Die Innenstadt wird währenddessen weiter forciert vergemütlicht, hier im Beispiel der Markt auf dem Gerhart-Hauptmann-Platz, kurz vor der Eröffnung.

Der noch geschlossene Weihnachtsmarkt auf dem Gerhart-Hauptmann-Platz

Die großmütterliche Uhr im Bild mit doppeltem Festverdeutlichungssternchen als Möglichkeit der Traulichkeitskonzentration im Dingsymbol. An allen Bretterbuden klemmt derartiges. Eiche rustikal mit Märchenelementen, dunkles Holz, Vergangenheit, Wald, Bäuerliches, Vorindustrielles, Handwerkliches. Zeug aus einer Zeit, als das Wünschen noch geholfen hat.

Zwischen zwei großen Tannen in Kübeln das Wort „Winterwald“ geklemmt, ach schön, Illusion fast perfekt, nach dem dritten Glühwein spätestens.

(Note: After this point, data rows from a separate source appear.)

Lemma ex_slab_setT : exists a b, in_slab [set: 'I_n] a b.
Proof.
case: (pickP (@predT 'I_n)) => [i0 _ | no_rect]; last by exists 0, 0 => r; have := no_rect r.
have [l _ l_min] := @ex_Rargmin _ predT (fun i => xhi (rs i)) i0 isT.
have [u _ u_max] := @ex_Rargmax _ predT (fun i => xlo (rs i)) i0 isT.
exists (xhi (rs l) - 1), (xlo (rs u) + 1) => r _.
by have := l_min r isT; have := u_max r isT; lra.
Qed.

Lemma overlap_ymeets u v : overlap (rs u) (rs v) -> ymeets u v.
Proof. by case=> _ [_ []]. Qed.

(* A rectangle of the slab that does not span it has an endpoint inside. *)
Lemma card_nonspanning A a b :
  in_slab A a b -> (#|nonspanning A a b| <= #|inner_endpoints A a b|)%N.
Proof.
move=> slabA; pose inner_end r := (r, asbool (xlo (rs r) <= a)).
have inner_end_inj : injective inner_end by move=> r1 r2 /(congr1 fst).
rewrite -(card_imset _ inner_end_inj).
apply/subset_leq_card/subsetP => _ /imsetP[r + ->].
rewrite !inE => /andP[rA /asboolP r_short].
have [xlo_b a_xhi] := slabA r rA; rewrite rA /=; apply/asboolP; rewrite /endpoint /=.
case: asboolP => [xlo_a | a_xlo]; split=> //; try lra.
by case: (Rlt_le_dec (xhi (rs r)) b) => // b_xhi; case: r_short.
Qed.

Lemma median_split A a b : in_slab A a b -> (0 < #|inner_endpoints A a b|)%N ->
  exists m, [/\ in_slab (left_part A a b m) a m, in_slab (right_part A a b m) m b,
    (2 * #|inner_endpoints (left_part A a b m) a m| <= #|inner_endpoints A a b|)%N &
    (2 * #|inner_endpoints (right_part A a b m) m b| <= #|inner_endpoints A a b|)%N].
Proof.
move=> slabA; rewrite card_gt0 => /(ex_median endpoint)[e0 e0_inner [lower upper]].
move: (e0_inner); rewrite inE => /andP[_ /asboolP[a_m m_b]].
exists (endpoint e0); split.
- by move=> r; rewrite !inE => /andP[/andP[/slabA[_ ?] _] /asboolP].
- by move=> r; rewrite !inE => /andP[/andP[/slabA[? _] _] /asboolP].
- apply: leq_trans lower; rewrite leq_mul2l subset_leq_card //.
  apply/subsetP => e; rewrite !inE => /andP[/andP[/andP[-> _] _] /asboolP[? ?]] /=.
  by apply/andP; split; apply/asboolP; lra.
- apply: leq_trans upper; rewrite leq_mul2l subset_leq_card //.
  apply/subsetP => e; rewrite !inE => /andP[/andP[/andP[-> _] _] /asboolP[? ?]] /=.
  by apply/andP; split; apply/asboolP; lra.
Qed.

Hypothesis xlo_le_xhi : forall i, xlo (rs i) <= xhi (rs i).
Hypothesis ylo_le_yhi : forall i, ylo (rs i) <= yhi (rs i).

Lemma spanning_star A a b : in_slab A a b ->
  exists2 H : {set 'I_n * 'I_n}, (#|H| <= 6 * #|A|)%N &
    forall r s, r \in A -> s \in A -> spans a b r -> overlap (rs r) (rs s) -> reach H r s.
Proof.
move=> slabA; set L := [set r in A | asbool (spans a b r)].
have LA : L \subset A by rewrite /L setIdE subsetIl.
have spans_overlap l v : l \in L -> v \in A -> ymeets l v -> overlap (rs l) (rs v).
  rewrite inE => /andP[_ /asboolP[l_a b_l]] /slabA[v_b a_v] [? ?].
  by rewrite /overlap; lra.
have [H cardH reachH] := star_spanner overlaps_sym ylo_le_yhi LA spans_overlap.
exists H => // r s rA sA r_spans rs_ov.
by apply: reachH => //; [rewrite inE rA; apply/asboolP | apply: overlap_ymeets].
Qed.

Lemma stabbed_star A m :
  exists2 H : {set 'I_n * 'I_n}, (#|H| <= 6 * #|stabbed_part A m|)%N &
    forall r s, r \in stabbed_part A m -> s \in stabbed_part A m ->
    overlap (rs r) (rs s) -> reach H r s.
Proof.
pose C := stabbed_part A m.
have stabbed_overlap l v : l \in C -> v \in C -> ymeets l v -> overlap (rs l) (rs v).
  by rewrite !inE => /andP[_ /asboolP[? ?]] /andP[_ /asboolP[? ?]] [? ?]; rewrite /overlap; lra.
have [H cardH reachH] := star_spanner overlaps_sym ylo_le_yhi (subxx C) stabbed_overlap.
by exists H => // r s rC sC /overlap_ymeets; apply: reachH.
Qed.

(* Two overlapping rectangles that neither span the slab nor both meet the
   line [x = m] lie together on one side of it. *)
Lemma reach_by_parts (A : {set 'I_n}) a b m (Hl Hc H1 H2 : {set 'I_n * 'I_n}) :
  (forall r s, r \in A -> s \in A -> spans a b r -> overlap (rs r) (rs s) -> reach Hl r s) ->
  (forall r s, r \in stabbed_part A m -> s \in stabbed_part A m ->
     overlap (rs r) (rs s) -> reach Hc r s) ->
  (forall r s, r \in left_part A a b m -> s \in left_part A a b m ->
     overlap (rs r) (rs s) -> reach H1 r s) ->
  (forall r s, r \in right_part A a b m -> s \in right_part A a b m ->
     overlap (rs r) (rs s) -> reach H2 r s) ->
  forall r s, r \in A -> s \in A -> overlap (rs r) (rs s) ->
    reach (Hl :|: Hc :|: H1 :|: H2) r s.
Proof.
move=> reachl reachc reach1 reach2; set H := Hl :|: Hc :|: H1 :|: H2.
have [sl sc s1 s2] : [/\ Hl \subset H, Hc \subset H, H1 \subset H & H2 \subset H].
  by split; apply/subsetP => e eX; rewrite !inE eX ?orbT.
have one_side r s : r \in A -> s \in A -> ~ spans a b r -> ~ spans a b s -> ~ stabbed m r ->
    overlap (rs r) (rs s) -> reach H r s.
  move=> rA sA r_short s_short r_unstabbed rs_ov.
  have rN : r \in nonspanning A a b by rewrite inE rA; apply/asboolP.
  have sN : s \in nonspanning A a b by rewrite inE sA; apply/asboolP.
  have := xlo_le_xhi r; have := xlo_le_xhi s; move: rs_ov (rs_ov) => [? [? _]] rs_ov ? ?.
  case: (Rlt_le_dec (xhi (rs r)) m) => [r_left | m_xhi].
    apply: reach3_subset s1 (reach1 _ _ _ _ rs_ov).
      by rewrite inE rN /=; apply/asboolP; lra.
    by rewrite inE sN /=; apply/asboolP; lra.
  have m_xlo : m < xlo (rs r).
    by case: (Rlt_le_dec m (xlo (rs r))) => // ?; case: r_unstabbed.
  apply: reach3_subset s2 (reach2 _ _ _ _ rs_ov).
    by rewrite inE rN /=; apply/asboolP; lra.
  by rewrite inE sN /=; apply/asboolP; lra.
move=> r s rA sA rs_ov.
have [r_spans | r_short] := asboolP (spans a b r).
  exact: reach3_subset sl (reachl _ _ rA sA r_spans rs_ov).
have [s_spans | s_short] := asboolP (spans a b s).
  exact/(reach3_sym overlaps_sym)/(reach3_subset sl)/reachl/overlap_sym.
have [r_stabbed | r_unstabbed] := asboolP (stabbed m r); last exact: one_side.
have [s_stabbed | s_unstabbed] := asboolP (stabbed m s).
  by apply: reach3_subset sc (reachc _ _ _ _ rs_ov); rewrite inE ?rA ?sA; apply/asboolP.
exact/(reach3_sym overlaps_sym)/one_side/overlap_sym.
Qed.

Lemma slab_spanner K A a b : #|inner_endpoints A a b| = K -> in_slab A a b ->
  exists2 H : {set 'I_n * 'I_n}, (#|H| <= slab_cost #|A| K)%N &
    forall r s, r \in A -> s \in A -> overlap (rs r) (rs s) -> reach H r s.
Proof.
elim/ltn_ind: K A a b => K IH A a b AK slabA.
have [Hl cardHl reachl] := spanning_star slabA.
have N_K := card_nonspanning slabA; rewrite AK in N_K.
have [K0 | K_gt0] := posnP K.
  exists Hl => [|r s rA sA rs_ov]; first by rewrite /slab_cost; lia.
  apply: reachl => //; move: N_K; rewrite K0 leqn0 cards_eq0 => /eqP N0.
  have : r \notin nonspanning A a b by rewrite N0 inE.
  by rewrite inE rA negbK => /asboolP.
have /(median_split slabA)[m [slab1 slab2]] : (0 < #|inner_endpoints A a b|)%N by rewrite AK.
rewrite AK => half1 half2.
have half_lt k : (2 * k <= K)%N -> (k < K)%N by lia.
have [Hc cardHc reachc] := stabbed_star A m.
have [H1 cardH1 reach1] := IH _ (half_lt _ half1) _ _ _ erefl slab1.
have [H2 cardH2 reach2] := IH _ (half_lt _ half2) _ _ _ erefl slab2.
exists (Hl :|: Hc :|: H1 :|: H2); last exact: reach_by_parts reachl reachc reach1 reach2.
have card_union : (#|Hl :|: Hc :|: H1 :|: H2| <= #|Hl| + #|Hc| + #|H1| + #|H2|)%N.
  by do 3 rewrite (leq_trans (leq_card_setU _ _)) ?leq_add2r //.
have CA : (#|stabbed_part A m| <= #|A|)%N.
  by rewrite subset_leq_card // /stabbed_part setIdE subsetIl.
have part_le (X : {set 'I_n}) : X \subset nonspanning A a b -> (#|X| <= K)%N.
  by move=> XN; apply: leq_trans (subset_leq_card XN) N_K.
have N1K : (#|left_part A a b m| <= K)%N by rewrite part_le // /left_part setIdE subsetIl.
have N2K : (#|right_part A a b m| <= K)%N by rewrite part_le // /right_part setIdE subsetIl.
by have := slab_cost_split CA N1K N2K half1 half2; lia.
Qed.

End Slabs.

Section CostBound.
Local Open Scope R_scope.

Lemma INR_expn b t : INR (b ^ t) = INR b ^ t.
Proof. by elim: t => [|t IH] //=; rewrite expnS mult_INR IH. Qed.

Lemma trunc_log2_ln m : (0 < m)%N -> INR (trunc_log 2 m) * ln 2 <= ln (INR m).
Proof.
move=> m_gt0; rewrite -ln_pow; last lra.
have : INR (2 ^ trunc_log 2 m) <= INR m by apply: le_INR; apply/leP; apply: trunc_logP.
rewrite INR_expn (INR_IZR_INZ 2) /= => /Rle_lt_or_eq_dec[lt_m | ->]; last exact: Rle_refl.
by apply/Rlt_le/ln_increasing => //; apply: pow_lt; lra.
Qed.

Lemma slab_cost_le_nlogn N K : (2 <= N)%N -> (K <= 2 * N)%N ->
  INR (slab_cost N K) <= 312 * INR N * ln (INR N).
Proof.
move=> N_ge2 K_le; set t := trunc_log 2 N.
have t_ge1 : 1 <= INR t by apply: (le_INR 1); apply/leP; rewrite trunc_log_gt0.
have t_ln : INR t * ln 2 <= ln (INR N) by apply: trunc_log2_ln; lia.
have cost_le : INR (slab_cost N K) <= INR N * (48 * INR t + 108).
  have cost_nat : (slab_cost N K <= N * (48 * t + 108))%N.
    have : (trunc_log 2 K <= t.+1)%N.
      by rewrite -trunc_log2_double ?(leq_trans _ N_ge2) // leq_trunc_log // -mul2n.
    by rewrite /slab_cost; nia.
  apply: Rle_trans (le_INR _ _ (leP cost_nat)) (Req_le _ _ _).
  by rewrite mult_INR plus_INR mult_INR !INR_IZR_INZ.
have t_le : INR t <= 2 * ln (INR N) by have := ln_lt_2; nra.
have : 48 * INR t + 108 <= 312 * ln (INR N) by lra.
have : 0 <= INR N by apply: pos_INR.
nra.
Qed.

Wenn man die Symbole von den Buden herunternimmt und nebeneinander aufreiht, ergeben sie abgelesen gewiss ein Volkslied. Im Grunde klemmt da das komplette Lyrikvokabular der damals so reich und schön vertonten Epoche, und von der Straße her ein Posthorn klingt.

Na, wenn es denn hilft. Man muss doch in Stimmung kommen. Sagt man.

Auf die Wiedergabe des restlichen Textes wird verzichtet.